Incogni, a digital privacy company, has conducted a study into American and Chinese platforms that harvest sensitive data from Europeans. Despite alleged digital protective laws, these apps can bypass them.
Blockchain technology can solve these problems, but the dominant forces of the internet go in the opposite direction. It will be a hard fight.
Digital privacy violations in Europe
Since the earliest days, the crypto community has had a strong interest in digital privacy. Bitcoin was established to be reliable, anonymous and decentralized.
However, the internet in 2025 is a very different place than 2009. A select number of platforms controls a lot of traffic and they are all harvesting data:
Although Europe leads to legislation for personal data protection, the researchers of incogni reveal with regard to practices of foreign developed applications and how they handle data from European citizens. Applications developed by foreign entities can easily operate in gray areas that are wide open the personal data of EU and British citizens for access to third parties, ”Darius Belejevas, head of Incogni, told Beincrypto.

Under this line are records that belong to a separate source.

Lemma cvg_block_mx m1 m2 n1 n2
    (Aul : T -> 'M[F]_(m1, n1)) (Aur : T -> 'M[F]_(m1, n2))
    (Adl : T -> 'M[F]_(m2, n1)) (Adr : T -> 'M[F]_(m2, n2))
    (Lul : 'M[F]_(m1, n1)) (Lur : 'M[F]_(m1, n2))
    (Ldl : 'M[F]_(m2, n1)) (Ldr : 'M[F]_(m2, n2)) :
  (forall i j, Aul t i j @[t --> D] --> Lul i j) ->
  (forall i j, Aur t i j @[t --> D] --> Lur i j) ->
  (forall i j, Adl t i j @[t --> D] --> Ldl i j) ->
  (forall i j, Adr t i j @[t --> D] --> Ldr i j) ->
  forall i j, block_mx (Aul t) (Aur t) (Adl t) (Adr t) i j @[t --> D] -->
    block_mx Lul Lur Ldl Ldr i j.
Proof.
move=> ul ur dl dr i j; rewrite -(splitK i) -(splitK j).
case: (split i) => i'; case: (split j) => j' /=.
- by rewrite block_mxEul; under eq_cvg do rewrite block_mxEul; exact: ul.
- by rewrite block_mxEur; under eq_cvg do rewrite block_mxEur; exact: ur.
- by rewrite block_mxEdl; under eq_cvg do rewrite block_mxEdl; exact: dl.
- by rewrite block_mxEdr; under eq_cvg do rewrite block_mxEdr; exact: dr.
Qed.

Lemma cvg0_mul_diag_mx m n (B : 'M[F]_(m, n)) (d : T -> 'rV[F]_n) :
  (forall j, d t 0 j @[t --> D] --> 0) ->
  forall i j, (B *m diag_mx (d t)) i j @[t --> D] --> (0 : 'M_(m, n)) i j.
Proof.
move=> d0 i j; rewrite mxE -(mulr0 (B i j)).
under eq_cvg do rewrite mul_mx_diag mxE.
by apply: cvgM; [exact: cvg_cst | exact: d0].
Qed.

End MatrixLimits.

Lemma normr_normc (R : rcfType) (z : R[i]) : `|z| = (Normc.normc z)%:C.
Proof. by case: z => a b; rewrite normc_def. Qed.

Lemma normc_ge0 (R : rcfType) (z : R[i]) : 0 <= Normc.normc z.
Proof. by case: z => a b; rewrite /Normc.normc sqrtr_ge0. Qed.

Lemma normc_gt0 (R : rcfType) (z : R[i]) : (0 < Normc.normc z) = (z != 0).
Proof. by rewrite -ltcR -normr_normc normr_gt0. Qed.

(* The cast equips [R[i]] with the topology of its norm. *)
Lemma cvgc_expr (R : realType) (z : (R[i] : numFieldType)) :
  `|z| < 1 -> z ^+ K @[K --> \oo] --> 0.
Proof.
move=> z_lt1; apply/cvgr0Pnorm_lt => e e_gt0.
have /complex_realP[e' e_def] : e \is Num.real by exact: gtr0_real.
have e'_gt0 : 0 < e' by rewrite -ltcR -e_def.
have /cvgr0Pnorm_lt/(_ e' e'_gt0) : Normc.normc z ^+ K @[K --> \oo] --> 0.
  by apply: cvg_expr; rewrite ger0_norm ?normc_ge0 // -ltcR -normr_normc.
apply: filterS => K; rewrite ger0_norm ?exprn_ge0 ?normc_ge0 // => lt_e'.
by rewrite normrX normr_normc -rmorphXn e_def ltcR.
Qed.

Lemma mxRC_mxZR (R : realType) m n (M : 'M[int]_(m, n)) :
  mxRC (mxZR R M) = map_mx intr M.
Proof. by apply/matrixP => i j; rewrite !mxE rmorph_int. Qed.

Section RealParts.
Variable R : realType.
Implicit Types (n k s : nat).
Local Notation Re := (@complex.Re R).
Local Notation Im := (@complex.Im R).

Lemma conj_submx s n (S : 'M[R[i]]_(s, n)) (w : 'rV_n) :
  (map_mx conjc S <= S)%MS -> (w <= S)%MS -> (map_mx conjc w <= S)%MS.
Proof.
by move=> conjS /submxP[c ->]; rewrite map_mxM (submx_trans (submxMl _ _) conjS).
Qed.

Lemma mxRC_Re_submx s n (S : 'M[R[i]]_(s, n)) (w : 'rV_n) :
  (map_mx conjc S <= S)%MS -> (w <= S)%MS -> (mxRC (map_mx Re w) <= S)%MS.
Proof.
move=> conjS wS.
have -> : mxRC (map_mx Re w) = 2%:R^-1 *: (w + map_mx conjc w).
  by apply/matrixP => i j; rewrite !mxE ReJ_add mulrC.
by rewrite scalemx_sub // addmx_sub // conj_submx.
Qed.

Lemma mxRC_Im_submx s n (S : 'M[R[i]]_(s, n)) (w : 'rV_n) :
  (map_mx conjc S <= S)%MS -> (w <= S)%MS -> (mxRC (map_mx Im w) <= S)%MS.
Proof.
move=> conjS wS.
have -> : mxRC (map_mx Im w) = ('i / 2%:R) *: (map_mx conjc w - w).
  by apply/matrixP => i j; rewrite !mxE ImJ_sub -mulrA mulrC [_^-1 * _]mulrC.
by rewrite scalemx_sub // addmx_sub // ?eqmx_opp // conj_submx.
Qed.

Lemma Re_mulmx_mxRC n k (x : 'rV[R[i]]_k) (B : 'M[R]_(k, n)) :
  map_mx Re (x *m mxRC B) = map_mx Re x *m B.
Proof.
apply/rowP => j; rewrite !mxE raddf_sum; apply: eq_bigr => l _.
by rewrite !mxE; case: (x 0 l) => a b /=; rewrite mulr0 subr0.
Qed.

Lemma Im_mulmx_mxRC n k (x : 'rV[R[i]]_k) (B : 'M[R]_(k, n)) :
  map_mx Im (x *m mxRC B) = map_mx Im x *m B.
Proof.
apply/rowP => j; rewrite !mxE raddf_sum; apply: eq_bigr => l _.
by rewrite !mxE; case: (x 0 l) => a b /=; rewrite mulr0 add0r.
Qed.

Lemma real_kernel_trivial s n k (B : 'M[R]_(k, n)) (S : 'M[R[i]]_(s, n)) :
  row_free B -> (map_mx conjc S <= S)%MS ->
  (forall x : 'rV_k, (mxRC (x *m B) <= S)%MS -> x *m B = 0) ->
  forall x : 'rV[R[i]]_k, (x *m mxRC B <= S)%MS -> x = 0.
Proof.
move=> B_free conjS B_triv x xBS.
have /rowP Re_x : map_mx Re x = 0.
  apply: (row_free_inj B_free); rewrite mul0mx; apply: B_triv.
  by rewrite -Re_mulmx_mxRC mxRC_Re_submx.
have /rowP Im_x : map_mx Im x = 0.
  apply: (row_free_inj B_free); rewrite mul0mx; apply: B_triv.
  by rewrite -Im_mulmx_mxRC mxRC_Im_submx.
apply/rowP => j; move: (Re_x j) (Im_x j); rewrite !mxE.
by case: (x 0 j) => a b /= -> ->.
Qed.

End RealParts.

(** * Growth of the determinant *)

Section HyperbolicLattices.
Variables (R : realType) (g : nat) (A : 'M[int]_(g + g)).
Variables (V : 'M[R[i]]_(g + g)) (lam : 'I_(g + g) -> R[i]).
Hypothesis g_gt0 : (0 < g)%N.
Hypotheses (V_unit : V \in unitmx)
  (V_eigen : forall k, row k V *m (mxRC (mxZR R A))^T = lam k *: row k V)
  (lam_contr : forall i : 'I_g, `|lam (lshift g i)| < 1)
  (lam_exp : forall i : 'I_g, 1 < `|lam (rshift g i)|).
Variables Lp Lm : 'M[int]_(g, g + g).
Hypotheses (Lp_rank : \rank (mxZR R Lp) = g) (Lm_rank : \rank (mxZR R Lm) = g)
  (Lp_tr : meets_trivially Lp (in_Ec V)) (Lm_tr : meets_trivially Lm (in_Ee V)).

Local Notation mxZC M := (mxRC (mxZR R M)).
Local Notation Ac := (mxZC A)^T.

Lemma conj_Ac : map_mx conjc Ac = Ac.
Proof. by apply/matrixP => i j; rewrite !mxE conjc_real. Qed.

Lemma conj_eigen_coord_eq0 k j : `|lam j| != `|lam k| ->
  (map_mx conjc (row k V) *m invmx V) 0 j = 0.
Proof.
have conj_row : map_mx conjc (row k V) *m Ac = (lam k)^* *: map_mx conjc (row k V).
  by rewrite -{1}conj_Ac -map_mxM V_eigen map_mxZ.
by apply: contraNeq => /(eigen_coord_eq V_unit V_eigen conj_row) ->; rewrite normcJ.
Qed.

Lemma conj_usubmx : (map_mx conjc (usubmx V) <= usubmx V)%MS.
Proof.
apply/row_subP => k; rewrite -map_row row_usubmx; set w := map_mx conjc _.
have w_e : rsubmx (w *m invmx V) = 0.
  apply/rowP => j; rewrite [LHS]mxE [RHS]mxE conj_eigen_coord_eq0 //.
  by rewrite gt_eqF // (lt_trans (lam_contr k) (lam_exp j)).
by rewrite {1}(mul_invmx_hsub w V_unit) w_e mul0mx addr0 submxMl.
Qed.

Lemma conj_dsubmx : (map_mx conjc (dsubmx V) <= dsubmx V)%MS.
Proof.
apply/row_subP => k; rewrite -map_row row_dsubmx; set w := map_mx conjc _.
have w_c : lsubmx (w *m invmx V) = 0.
  apply/rowP => j; rewrite [LHS]mxE [RHS]mxE conj_eigen_coord_eq0 //.
  by rewrite lt_eqF // (lt_trans (lam_contr j) (lam_exp k)).
by rewrite {1}(mul_invmx_hsub w V_unit) w_c mul0mx add0r submxMl.
Qed.

Definition coord_p := mxZC Lp *m invmx V.
Definition coord_m := mxZC Lm *m invmx V.

Lemma coord_p_exp_unit : rsubmx coord_p \in unitmx.
Proof.
rewrite -row_free_unit; apply/inj_row_free => v v_ker.
have Lp_free : row_free (mxZR R Lp) by rewrite /row_free Lp_rank.
apply: (real_kernel_trivial Lp_free conj_usubmx).
  by move=> x /submxP[c xc]; apply: Lp_tr; exists c.
have -> : mxZC Lp = coord_p *m V by rewrite mulmxKV.
rewrite (mul_invmx_hsub (coord_p *m V) V_unit) mulmxK // mulmxDr !mulmxA.
by rewrite v_ker mul0mx addr0 submxMl.
Qed.

Lemma coord_m_contr_unit : lsubmx coord_m \in unitmx.
Proof.
rewrite -row_free_unit; apply/inj_row_free => v v_ker.
have Lm_free : row_free (mxZR R Lm) by rewrite /row_free Lm_rank.
apply: (real_kernel_trivial Lm_free conj_dsubmx).
  by move=> x /submxP[c xc]; apply: Lm_tr; exists c.
have -> : mxZC Lm = coord_m *m V by rewrite mulmxKV.
rewrite (mul_invmx_hsub (coord_m *m V) V_unit) mulmxK // mulmxDr !mulmxA.
by rewrite v_ker mul0mx add0r submxMl.
Qed.

Lemma lam_exp_neq0 i : lam (rshift g i) != 0.
Proof. by apply: contraTneq (lam_exp i) => ->; rewrite normr0 ltr10. Qed.

Definition shifted_basis K : 'M[int]_(g + g) := col_mx (Lp *m A^T ^+ K) Lm.

Definition rescaled K : 'M[R[i]]_(g + g) :=
  block_mx (lsubmx coord_p *m diag_mx (\row_i lam (lshift g i) ^+ K)) (rsubmx coord_p)
    (lsubmx coord_m) (rsubmx coord_m *m diag_mx (\row_i (lam (rshift g i))^-1 ^+ K)).

Definition rescaled_lim : 'M[R[i]]_(g + g) :=
  block_mx 0 (rsubmx coord_p) (lsubmx coord_m) 0.

Lemma mxZC_shifted_basis K :
  mxZC (shifted_basis K) = col_mx (coord_p *m diag_mx (\row_k lam k ^+ K)) coord_m *m V.
Proof.
rewrite mul_col_mx -!mulmxA -(eigenbasis_exp V_eigen) !mulmxA !mulmxKV //.
by rewrite !mxRC_mxZR map_col_mx map_mxM map_mxX map_trmx.
Qed.

Lemma det_shifted_basis K : (\det (shifted_basis K))%:~R =
  \det (rescaled K) * (\prod_i lam (rshift g i)) ^+ K * \det V.
Proof.
pose De := diag_mx (\row_i lam (rshift g i) ^+ K).
rewrite -det_map_mx -mxRC_mxZR mxZC_shifted_basis.
have -> : col_mx (coord_p *m diag_mx (\row_k lam k ^+ K)) coord_m =
    rescaled K *m block_mx 1%:M 0 0 De.
  have inv_pow : diag_mx (\row_i (lam (rshift g i))^-1 ^+ K) *m De = 1%:M.
    rewrite mulmx_diag -diag_const_mx; congr diag_mx; apply/rowP => i.
    by rewrite !mxE exprVn mulVf // expf_neq0 // lam_exp_neq0.
  rewrite row_mx_lrshift diag_mx_row.
  rewrite -[X in col_mx (X *m _)]hsubmxK -[X in col_mx _ X]hsubmxK.
  rewrite mul_row_block mulmx_block -(mulmxA (rsubmx coord_m) _ De) inv_pow.
  by rewrite block_mxEv !mulmx0 !mulmx1 !addr0 !add0r.
rewrite !det_mulmx det_ublock det1 mul1r det_diag -prodrXl.
by congr (_ * _ * _); apply: eq_bigr => i _; rewrite mxE.
Qed.

Lemma near_det_rescaled :
  \forall K \near \oo, `|\det rescaled_lim| / 2 <= `|\det (rescaled K)|.
Proof.
apply: near_norm_det_ge_half; apply: cvg_block_mx => i j; try exact: cvg_cst.
  apply: cvg0_mul_diag_mx => {}j; under eq_cvg do rewrite mxE.
  exact/cvgc_expr/lam_contr.
apply: cvg0_mul_diag_mx => {}j; under eq_cvg do rewrite mxE.
apply: cvgc_expr; rewrite normfV invf_lt1 ?(lt_trans ltr01) //; exact: lam_exp.
Qed.

Lemma det_shifted_basis_growth : exists c r : R, [/\ 0 < c, 1 < r &
  \forall K \near \oo, c * r ^+ K <= (`|\det (shifted_basis K)|%N)%:R].
Proof.
pose c := Normc.normc (\det rescaled_lim) / 2 * Normc.normc (\det V).
pose r := Normc.normc (\prod_i lam (rshift g i)).
have lim_unit : rescaled_lim \in unitmx.
  exact: unitmx_antidiag_block coord_p_exp_unit coord_m_contr_unit.
exists c, r; split.
- by rewrite !mulr_gt0 ?invr_gt0 ?ltr0n ?normc_gt0 -?unitfE -?unitmxE.
- rewrite -ltcR -normr_normc normr_prod.
  have : \prod_(i < g) (1 : R[i]) < \prod_i `|lam (rshift g i)|.
    apply: ltr_prod => [|i _]; last by rewrite ler01 lam_exp.
    by apply/hasP; exists (Ordinal g_gt0); rewrite ?mem_index_enum.
  by rewrite big1.
apply: filterS near_det_rescaled => K det_ge.
rewrite -lecR; have -> : (c * r ^+ K)%:C =
    `|\det rescaled_lim| / 2 * `|\det V| * `|\prod_i lam (rshift g i)| ^+ K.
  by rewrite !normr_normc !rmorphM rmorphXn fmorphV rmorph_nat.
rewrite rmorph_nat natr_absz intr_norm det_shifted_basis !normrM normrX mulrAC.
by rewrite ler_wpM2r // ler_wpM2r // exprn_ge0.
Qed.

End HyperbolicLattices.

Lemma geometric_bound_cases (R : realType) (c r : R) K0 : 0 < c -> 1 < r ->
  exists2 C : R, 0 < C & forall N m, m%:R <= C * r ^+ N ->
    m = 0%N \/ (K0 <= N + N)%N /\ m%:R <= c * r ^+ (N + N).
Proof.
move=> c_gt0 r_gt1; have r_gt0 : 0 < r by apply: lt_trans r_gt1.
pose C := Num.min c (r ^- K0).
exists C => [|N m m_le]; first by rewrite lt_min c_gt0 invr_gt0 exprn_gt0.
have [N_small | N_large] := ltnP N K0; [left | right; split].
- have C_small : C * r ^+ N < 1.
    apply: (@le_lt_trans _ _ (r ^- K0 * r ^+ N)).
      by rewrite ler_wpM2r ?exprn_ge0 ?(ltW r_gt0) // /C ge_min lexx orbT.
    by rewrite mulrC ltr_pdivrMr ?exprn_gt0 // mul1r ltr_eXn2l.
  by have := le_lt_trans m_le C_small; rewrite ltrn1 ltnS leqn0 => /eqP.
- exact: leq_trans N_large (leq_addr _ _).
apply: (le_trans m_le); apply: (@le_trans _ _ (c * r ^+ N)).
  by rewrite ler_wpM2r ?exprn_ge0 ?(ltW r_gt0) // /C ge_min lexx.
rewrite exprD mulrA ler_peMr ?exprn_ege1 ?(ltW r_gt1) //.
by rewrite mulr_ge0 ?exprn_ge0 ?(ltW c_gt0) ?(ltW r_gt0).
Qed.

Theorem lemma2p1 (R : realType) (g : nat) (g_gt0 : (0 < g)%N)
  (A : 'M[int]_(g + g)) (A_GL : A \in unitmx)
  (V : 'M[R[i]]_(g + g)) (lam : 'I_(g + g) -> R[i])
  (hyp : hyperbolic_basis A V lam)
  (Lp Lm : 'M[int]_(g, g + g))
  (Lp_rank : \rank (@mxZR R _ _ Lp) = g) (Lm_rank : \rank (@mxZR R _ _ Lm) = g)
  (Lp_tr : meets_trivially Lp (in_Ec V))
  (Lm_tr : meets_trivially Lm (in_Ee V)) :
  exists C : R, 0 < C /\ exists r : R, 1 < r /\
    forall N : nat, (1 <= N)%N ->
      forall m : nat, m%:R <= C * r ^+ N ->
        quot_card_ge (Lp *m (A^T) ^+ N) (Lm *m (invmx A^T) ^+ N) m.
Proof.
case: hyp => V_unit V_eigen lam_contr lam_exp.
have [c [r [c_gt0 r_gt1 [K0 _ growth]]]] := det_shifted_basis_growth
  g_gt0 V_unit V_eigen lam_contr lam_exp Lp_rank Lm_rank Lp_tr Lm_tr.
have [C C_gt0 C_cases] := geometric_bound_cases K0 c_gt0 r_gt1.
exists C; split => //; exists r; split => // N _ m /C_cases[-> | [N_large m_le]].
  by exists (fun _ => 0) => -[].
apply: quot_card_ge_col_det; rewrite absz_det_col_exp ?unitmx_tr //.
by rewrite -(ler_nat R) (le_trans m_le (growth _ N_large)).
Qed.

According to new research published by Incogi, large platforms in the US and China are involved in systematic violations of digital privacy. The government often investigates American social media appsAnd we can easily assume that China uses comparable methods.
The Incogni study was aimed at Europe and the conclusions about app-based data collection are quite amazing. Although the continent apparently has strict digital privacy laws, these foreign platforms control a large part of the data.
It is easy to imagine how this problem can be much worse in other regions.
Data collection in Europe. Source: Incogi
Can blockchain help?
So how can blockchain technology ensure digital privacy? Web3 applications such as Self-Sovereign Identity (SSI), Decentralized Identification Data (DIDS) and Tokenized Data market laces offer a model where users check information and selectively publish it via cryptographic evidence, thereby preventing bulk harvest and cross-border leakage.
Unlike centralized apps, blockchain systems keep verification locally and transparent. By embracing the origin of crypto as a radically decentralized system, citizens in the UK, the EU or another country may be able to protect their digital privacy.
However, this optimistic scenario seems very unlikely. Cyber security experts are worried about a trend in crypto -wamid: what is a warning if nobody succeeds?
These platforms probably not only allow huge numbers of users to show off their data collection methods. Privacy-oriented enthusiasts may have to build parallel structures.
Can it replace messages, entertainment, social media and more on blockchain -based platforms? These replacements would require an important acceptance of users -a messaging app where you cannot send anyone, a streaming -app without content, and so on, would be useless.
Obstacles imposed by the government
Such as the recent American plan to place economic data on the blockchain, motivated governments are able to use this technology for powerful new use cases.
If this type of plan had a real buy-in from EU governments, privacy experts could force these platforms to allow OBFUScation technologies based on blockchain.
There is only one question: are EU governments interested in digital privacy? Mica regulations suggest that they are not, but other recent incidents provide further evidence.
The Online Safety Act (OSA), the attempt by Great Britain to verify the digital age, has proved horribly unpopular and even profitable criticism of human rights.
It requires websites to specify any pretension of digital privacy and to check the identity of each potential user before they have access to the platform. It seems that the EU tests comparable requirements.
In short, the prevailing headwind of the internet does not give in favor of digital privacy. Dedicated developers can build solutions based on web3, but it will be a long and tough fight. Yet blockchain technology is the best way to realize this dream.